Ещё один туннель пролегал через совсем иной лес, с мёртвыми порыжевшими елями. Между остовами деревьев уходили вдаль рельсы, тускло отсвечивая в косых закатных лучах. Из-под гравия проглядывали просмолённые шпалы. Царили тишина и запустение и веяло странной тоской — по дому, по жизни вообще… По сравнению с этой унылой местностью следующая дорога, ведущая через поля к небольшой рощице, показалась Лике намного привлекательнее. Оттуда тянуло луговой свежестью, запахом реки и, кажется, слышалось кваканье. Идиллия. И опять что-то напоминало из реальной жизни.

Дорога справа от центральной выходила на широкий горбатый мостик с мозаичной мостовой, каменными перилами, почти затянутыми бахромой плюща, и статуэтками крылатых коников, застывших на крошечных пьедесталах. Где-то внизу бурлила вода, разбиваясь о невидимые опоры и камни, словно там ворчала маленькая, но очень капризная горная речушка, из тех, что от обильных дождей сатанеют и выходят из берегов. Из этого мира потянуло такой кристальной свежестью, а воздух показался настолько вкусным, что сердце Лики дрогнуло. Уж не сюда ли ей? Однако на всякий случай она решила досмотреть, что ещё предлагает ей «веер». И невольно шарахнулась от новой картины.

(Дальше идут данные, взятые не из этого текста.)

(* F_Q(rho, sigma) = min_{0<=s<=1} tr(rho^s sigma^(1-s)); the trace is real
   for psd arguments, and the minimum is written as the infimum (it is attained). *)
Definition FQ d (rho sigma : 'M[C]_d) : C :=
  ((inf [set complex.Re (\tr (powmx rho s *m powmx sigma (1 - s))) | s in
        [set s : R | 0 <= s <= 1]])%:C)%C.

Definition FA d (rho sigma : 'M[C]_d) : C :=
  (\tr (sqrtmx rho *m sqrtmx sigma)) ^+ 2.

End QDefs.

From mathcomp Require Import all_boot all_order all_algebra.
From mathcomp Require Import sesquilinear spectral complex.
From mathcomp Require Import classical_sets reals exp.
From mathcomp Require Import lra.
Set Implicit Arguments. Unset Strict Implicit. Unset Printing Implicit Defensive.
Import Order.TTheory GRing.Theory Num.Theory.
Local Open Scope ring_scope.

(* Because rho0 is orthogonal to every rho_j, it is orthogonal to rho, and
   sigma = eps rho0 + (1 - eps) rho by linearity.  So each pair
   (rho_j, sigma_j), and also (rho, sigma), has the shape
   (A, e B + (1 - e) A) with A a density matrix and A B = B A = 0.  For such
   a pair one polynomial interpolates a function f with f(0) = 0 on the joint
   spectrum of A, B and e B + (1 - e) A, so the spectral calculus splits:
   f(e B + (1 - e) A) = f(e B) + f((1 - e) A).  Every product of a function of
   A with a function of B vanishes, and all three fidelities collapse to
   scalar multiples of tr A = 1: sqrt(1 - e)^2 for F_1 and F_A, and
   (1 - e)^(1 - s) >= 1 - e, with equality at s = 0, for F_Q. *)

Section ScalarFunctions.
Context {R : realType}.
Local Notation C := R[i].

Definition sqrtRe (x : C) : C := ((Num.sqrt (complex.Re x))%:C)%C.

Definition powRe (s : R) (x : C) : C :=
  if 0 < complex.Re x then (((complex.Re x) `^ s)%:C)%C else 0.

(* Unlike [powR], this sends 0 to 0 for every exponent, 0 included. *)
Definition powR_supp (c s : R) : R := if 0 < c then c `^ s else 0.

Lemma Re_realM (c : R) (x : C) : complex.Re ((c%:C)%C * x) = c * complex.Re x.
Proof. by case: x => a b; rewrite /= mul0r subr0. Qed.

Lemma ge0_complexE (x : C) : 0 <= x -> x = ((complex.Re x)%:C)%C /\ 0 <= complex.Re x.
Proof. by case: x => a b; rewrite lecE /= => /andP[/eqP-> ->]. Qed.

Lemma sqrtRe0 : sqrtRe 0 = 0.
Proof. by rewrite /sqrtRe sqrtr0. Qed.

Lemma mul_sqrtRe (x : C) : 0 <= x -> sqrtRe x * sqrtRe x = x.
Proof.
move=> /ge0_complexE[xE x0]; rewrite [RHS]xE /sqrtRe.
by rewrite -rmorphM -expr2 sqr_sqrtr.
Qed.

Lemma sqrtRe_sqr (x : C) : 0 <= x -> sqrtRe (x * x) = x.
Proof.
move=> /ge0_complexE[xE x0]; rewrite [in RHS]xE [in LHS]xE.
by rewrite /sqrtRe Re_realM -expr2 sqrtr_sqr ger0_norm.
Qed.

Lemma sqrtReZ (c : R) (x : C) : 0 <= c ->
  sqrtRe ((c%:C)%C * x) = ((Num.sqrt c)%:C)%C * sqrtRe x.
Proof. by move=> c0; rewrite /sqrtRe Re_realM sqrtrM // rmorphM. Qed.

Загораживая собой полнеба в россыпях звёздных туманностей, над скоростным шоссе повисли две… планеты, спутника или иных небесных тела — Лика затруднялась с определением. Но выглядело это фантастично и жутковато. Нет. Ей явно нечего здесь делать. Если предыдущие кусочки миров чем-то неуловимо напоминали места, в которых они с братом однажды побывали, то этот космический кошмар мог разве что присниться кому-то из них… Выставка, вдруг вспомнила она. Ну, конечно! Выставка «Космос. love» в Москве, на Курской, где демонстрировались голографические изображения вселенных и картины космонавтов. А то, что она видит — словно одна из тех оживших картин… Значит, и эта дорога может оказаться нужной.

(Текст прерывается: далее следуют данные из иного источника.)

Lemma cauchy_geometric_bound (u : nat -> V) q s :
    0 <= q < 1 -> 0 <= s ->
    (forall k j, (k <= j)%N -> `|u k - u j| <= q ^+ k * (s * `|u 0 - u j|)) ->
  cauchy (u @ \oo).
Proof.
move=> /andP[q0 q1] s0 uq.
have qs : (fun k => q ^+ k * s) @ \oo --> 0.
  rewrite -(mul0r s); apply: cvgM; last exact: cvg_cst.
  by apply: cvg_expr; rewrite ger0_norm.
have half0 : 0 < 2^-1 :> R by rewrite invr_gt0.
have [p /= qp] := filter_ex (cvgr0_norm_le _ qs _ half0).
have qp0 : 0 <= q ^+ p by rewrite exprn_ge0.
rewrite ger0_norm ?mulr_ge0 // in qp.
pose E := 2 * `|u 0 - u p|.
have E0 : 0 <= E by rewrite mulr_ge0.
have bound j : (p <= j)%N -> `|u 0 - u j| <= E.
  move=> pj; have := ler_normD (u 0 - u p) (u p - u j).
  rewrite addrA subrK => /le_trans /(_ (lerD (lexx _) (uq _ _ pj))).
  have := ler_wpM2r (normr_ge0 (u 0 - u j)) qp; rewrite /E mulrA; lra.
apply: cauchy_exP => e e0.
have eE : 0 < e / (E + 1) by rewrite divr_gt0 // ltr_wpDl.
have [k [/= qk pk]] := filter_ex (filterI (cvgr0_norm_lt _ qs _ eE) (nbhs_infty_ge p)).
exists (u k); apply: filterS (nbhs_infty_ge k) => j kj /=.
rewrite -ball_normE /=; apply: le_lt_trans (uq _ _ kj) _.
rewrite ger0_norm ?mulr_ge0 ?exprn_ge0 // in qk.
rewrite mulrA; apply: le_lt_trans (ler_wpM2l _ (bound j (leq_trans pk kj))) _.
  by rewrite mulr_ge0 ?exprn_ge0.
apply: le_lt_trans (ler_wpM2r E0 (ltW qk)) _.
by rewrite mulrAC ltr_pdivrMr ?ltr_wpDl // ltr_pM2l // ltrDl.
Qed.

End GeometricBound.

Section Iterates.
Variables (R : realType) (n m : nat) (K C : set 'rV[R]_m) (l mu : 'rV[R]_m).
Variables (F : 'rV[R]_n -> 'rV[R]_m) (x : nat -> 'rV[R]_n).
Variable G : nat -> 'rV[R]_n -> 'rV[R]_m.
Hypotheses (CK : C `<=` dual_cone K) (C0 : C !=set0).
Hypothesis Cub : forall y, has_ubound [set dot c y | c in C].
Hypothesis alg : alg1_seq K C l mu F x G.

Lemma alg1_descent c i j : C c -> (i <= j)%N -> dot c (F (x j)) <= dot c (F (x i)).
Proof.
move=> Cc /subnKC <-; elim: (j - i)%N => [|k IH]; first by rewrite addn0.
have [SG xmin] := alg (i + k)%N.
by rewrite addnS; apply: le_trans (surrogate_descent CK C0 Cub SG xmin Cc) IH.
Qed.

Variables (Q d : R).
Hypotheses (d0 : 0 < d) (Cmu : forall c, C c -> d <= dot c mu).
Hypothesis ClQ : forall c, C c -> dot c l <= Q * dot c mu.
Hypotheses (Q0 : 0 <= Q) (Q1 : Q < 1).

Lemma alg1_contraction y k :
    (forall c, C c -> dot c (F y) <= dot c (F (x k.+1))) ->
  enorm (x k.+1 - y) <= Num.sqrt Q * enorm (x k - y).
Proof.
move=> Fy; have [SG xmin] := alg k.
have contr := surrogate_contraction CK C0 Cub SG d0 Cmu ClQ xmin Fy.
rewrite -(@ler_pXn2r _ 2) ?nnegrE ?mulr_ge0 ?sqrtr_ge0 ?enorm_ge0 //.
by rewrite exprMn (sqr_sqrtr Q0).
Qed.

Lemma alg1_geometric y k :
    (forall i c, (i <= k)%N -> C c -> dot c (F y) <= dot c (F (x i))) ->
  enorm (x k - y) <= Num.sqrt Q ^+ k * enorm (x 0 - y).
Proof.
elim: k => [|k IH] Fy; first by rewrite expr0 mul1r.
apply: le_trans (alg1_contraction (Fy k.+1 ^~ (leqnn _))) _.
rewrite exprS -mulrA ler_wpM2l ?sqrtr_ge0 // IH // => i c ik.
exact/Fy/ltnW.
Qed.

Let sqrtQ01 : 0 <= Num.sqrt Q < 1.
Proof. by rewrite sqrtr_ge0 /= -sqrtr1 ltr_sqrt. Qed.

Lemma alg1_cvg : cvg (x @ \oo).
Proof.
apply/cauchy_cvgP/(cauchy_geometric_bound sqrtQ01 (sqrtr_ge0 n%:R)) => k j kj.
apply: le_trans (normr_le_enorm _) (le_trans (alg1_geometric _) _).
  by move=> i c ik Cc; exact: alg1_descent (leq_trans ik kj).
by apply: ler_wpM2l; [rewrite exprn_ge0 ?sqrtr_ge0 | exact: enorm_le_normr].
Qed.

Lemma alg1_cvg_to y : (forall k c, C c -> dot c (F y) <= dot c (F (x k))) ->
  x @ \oo --> y.
Proof.
move=> Fy; apply: (cvg_geometric_bound sqrtQ01) => k.
apply: le_trans (normr_le_enorm _) (alg1_geometric _) => i c _; exact: Fy.
Qed.

Hypothesis dF : differentiable_all F.

Lemma alg1_lim_below c k : C c -> dot c (F (lim (x @ \oo))) <= dot c (F (x k)).
Proof.
move=> Cc.
have Fx : (F \o x) @ \oo --> F (lim (x @ \oo)) :=
  cvg_comp _ _ alg1_cvg (differentiable_continuous (dF _)).
have dFx := cvg_comp _ _ Fx (@dot_continuous _ _ c (F (lim (x @ \oo)))).
apply: (cvgr_to_le dFx).
by apply: filterS (nbhs_infty_ge k) => j kj; exact: alg1_descent.
Qed.

End Iterates.

Theorem theorem3 (R : realType) (n m : nat)
  (K C : set 'rV[R]_m) (F : 'rV[R]_n -> 'rV[R]_m) (l mu : 'rV[R]_m)
  (x : nat -> 'rV[R]_n) (G : nat -> 'rV[R]_n -> 'rV[R]_m) :
  proper_cone K ->
  compact C -> convex_set' C -> ~ C 0 -> cone_of C = dual_cone K ->
  differentiable_all F ->
  assumption_Aii K C l mu F ->
  (exists muF, interior K muF /\ strongly_Kconvex K F muF) ->
  K l -> interior K mu -> Klt K l mu ->
  alg1_seq K C l mu F x G ->
  (forall k, x k.+1 != x k) ->
  exists xs : 'rV[R]_n,
    [/\ x @ \oo --> xs,
        efficient K F xs
      & forall k, enorm (x k.+1 - xs) <=
          Num.sqrt (sup [set dot c l / dot c mu | c in C]) * enorm (x k - xs)].
Proof.
move=> _ cC _ nC0 coneC dF _ _ Kl _ lmu alg _.
have CK := cone_of_dual_sub coneC; have C0 := cone_of_dual_neq0 coneC.
have [M CM] := dot_le_compact cC.
have Cub y : has_ubound [set dot c y | c in C].
  by exists (M * `|y|) => _ [c Cc <-]; exact: CM.
have Ccl := compact_closed (@norm_hausdorff _ _) cC.
have [d d0 Cd] := dot_ge_closed_interior Ccl nC0 CK lmu.
have lmuM c : C c -> [/\ 0 <= dot c l, d <= dot c mu - dot c l & dot c mu <= M * `|mu|].
  by move=> Cc; rewrite -dotBr; split; [exact: CK | exact: Cd | exact: CM].
have Cmu c : C c -> d <= dot c mu.
  by move=> /lmuM[l0 dlm _]; apply: le_trans dlm _; rewrite lerBlDr lerDl.
have ClQ := ler_sup_ratio C0 d0 lmuM.
have Q0 := sup_ratio_ge0 C0 d0 lmuM; have Q1 := sup_ratio_lt1 C0 d0 lmuM.
have below := alg1_lim_below CK C0 Cub alg d0 Cmu ClQ Q0 Q1 dF.
exists (lim (x @ \oo)); split => [|y Fy|k].
- exact: (alg1_cvg CK C0 Cub alg d0 Cmu ClQ Q0 Q1).
- have xy : x @ \oo --> y.
    apply: (alg1_cvg_to CK C0 Cub alg d0 Cmu ClQ Q0 Q1) => k c Cc.
    exact: le_trans (Kle_dot (CK c Cc) Fy) (below c k Cc).
  by rewrite (cvg_lim _ xy).
- by apply: (alg1_contraction CK C0 Cub alg d0 Cmu ClQ Q0) => c Cc; exact: below.
Qed.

И к вящей досаде заметила, что к имеющимся Путям присоединился, по меньшей мере, ещё десяток.

Нет, так не пойдёт. Пока она будет знакомиться с новыми вариантами, запросто нарастёт ещё сотня, и что тогда? Самое время вспомнить мудрую поговорку: «Семь раз отмерь…»

Её так и тянуло к горбатому мосту, какому-то уютному, милому, да ещё охраняемому забавными крылатыми лошадками. Интересно, что-нибудь эта симпатия значит? Что такого особого в этом месте? Чем оно отличается от других?

И вдруг она вспомнила.

На мосте, похожем на этот, только без скульптур, они стояли с Валерием лет, кажется, десять или одиннадцать назад. Она только что закончила школу, и в честь этого события, а заодно и золотой медали старший брат подарил ей поездку в Черногорию. Там, в парке Милочер, спустившись к пересохшему по летнему времени руслу Лерка написал пальцем на каменном подножье любимого всеми туристами моста: «Самая лучшая в мире сестрёнка!» И прикрыл невидимую надпись плетью плюща: якобы для сохранности. И пояснил: “А что? Карябать мелом — это ж вандализм, а так… Неважно, что никто не видит, главное, что Вселенная прочла и знает, правда, Ликуша?»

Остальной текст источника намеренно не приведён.